If I left the CU in place, I'd have to run all the kitchen and ensuite circuits no less than 20 metres, underfloor boards and in partitions.

Makes sense to me. I did a job a while back where fitting a sub DB at the back of the property was easier than running cables 30 meters for two RFs two lighting, one radial. If you do want it in the loft look at some self maintained emergency lighting and a suitable location for the test switch. This way you can illuminate the route in case of supply fail. There cheap and you can forget about them just test them every 6 months.

SWA can be a pain to bend. But it can be done. I have in the past ran it in a channel in a wall and swept it into the floor.

Adam
 
(possibly a third for the bathroom sockets, just to be on the safe side)..


:eek:

Tell me that is a error, please

Hehe - yes, an error. Well spotted.

Of course, I *meant* for two shaver sockets in a zone 2 area in the bathroom.

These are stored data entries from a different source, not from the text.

Lemma consistent_learner_success (R : realType) n (f : {set 'I_n} -> R) p (q : R) M :
    additive_setfun f -> (forall i, 0 <= f [set i]) -> is_marginals p ->
    0 <= q <= 1 -> (forall j, p j <= 1 - q) -> (forall j, 1 - p j <= 1 - q) ->
    1 <= M%:R * (q / 2) ->
  1 / 2 <= success_prob (M * n.+1) p f (@consistent_learner R n).
Proof.
move=> f_add f0 p_marg q01 pq qq Mq; rewrite success_prob_tapeless.
apply: le_trans (iid_expect_le (prod_dist_ge0 p_marg)
  (F := fun X => 1 - span_potential R X) _ _); last first.
  by move=> X; apply: consistent_learner_success_ge; rewrite ?divr_ge0 ?exprn_ge0.
rewrite iid_expectB iid_expect_cst ?sum_prod_dist //.
have := iid_expect_span_potential_le p_marg (M * n.+1) q01 pq qq.
have q2 : 0 <= q / 2 <= 1 by case/andP: q01 => ? ?; apply/andP; split; lra.
have := expr_subr_halving n.+1 q2 Mq; rewrite exprS.
have : 0 <= (1 - q / 2) ^+ (M * n.+1) by rewrite exprn_ge0 //; lra.
nra.
Qed.

Lemma poly_bounded_nat (R : realType) (g : nat -> R) : poly_bounded g ->
  exists C k : nat, forall n, g n <= C%:R * n.+1%:R ^+ k.
Proof.
move=> [c [k gc]]; exists (Num.Def.archi_bound `|c|), k => n.
apply: le_trans (gc n) _; rewrite natr1 ler_wpM2r ?exprn_ge0 //.
exact/ltW/(le_lt_trans (ler_norm c))/archi_boundP.
Qed.

Theorem lemma6 (R : realType) (pm pv : nat -> R) :
  poly_bounded pm -> (forall n, 1 <= pm n) ->
  poly_bounded pv -> (forall n, 1 <= pv n) ->
  exists delta : R, 0 <= delta < 1 /\
  exists (m r : nat -> nat),
    poly_bounded (fun n => (m n)%:R : R) /\ poly_bounded (fun n => (r n)%:R : R) /\
  exists A : forall n, learner R n (r n),
  forall (n : nat) (f : {set 'I_n} -> R) (p : 'I_n -> R),
    additive_setfun f ->
    (forall i, 0 <= f [set i]) ->
    (forall i j : 'I_n, f [set j] / pv n <= f [set i]) ->
    is_marginals p ->
    bounded_marginals p (pm n) ->
    1 - delta <= success_prob (m n) p f (A n).
Proof.
move=> /poly_bounded_nat[C [k pmC]] pm1 _ _.
exists (1 / 2); split; first lra.
pose M n := (2 * C * n.+1 ^ k)%N.
exists (fun n => M n * n.+1)%N, (fun _ => 0%N); split.
  by exists (2 * C)%:R, k.+1 => n; rewrite /M !natrM natrX -mulrA -exprSr natr1.
split; first by exists 0, 0%N => n; rewrite mul0r.
exists (@consistent_learner R) => n f p f_add f0 _ p_marg p_bnd.
have pm0 : 0 < pm n by apply: lt_le_trans (pm1 n).
have q01 : 0 <= 1 / pm n <= 1.
  by apply/andP; split; [rewrite divr_ge0 // ltW | rewrite ler_pdivrMr // mul1r].
have Mq : 1 <= (M n)%:R * (1 / pm n / 2).
  have -> : (M n)%:R * (1 / pm n / 2) = C%:R * n.+1%:R ^+ k / pm n.
    by rewrite /M !natrM natrX; field; rewrite gt_eqF.
  by rewrite ler_pdivlMr // mul1r.
apply: le_trans (consistent_learner_success f_add f0 p_marg q01 _ _ Mq); first lra.
  by move=> j; have [/andP[_ ?] _] := p_bnd j.
by move=> j; have [_ /andP[_ ?]] := p_bnd j.
Qed.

That, and a couple of 13-amp 3-pins, so I can plug in the TV and dry my hair in the bath :p

EDIT - In all seriousness, by 'safe', I meant maybe putting those shaver sockets on their own circuit, just in case I did do something stupid, it might give me an extra chance. Or maybe it's just overkill.
 
Not sure if those units are suitable for use with external 12v luminaires, they also only illuminate on supply failure i.e. non-maintained.
You can buy SELV units with batteries specifically for use with 12v lighting, installed a couple a few weeks back. Only downside is they were not cheap - about £90 each.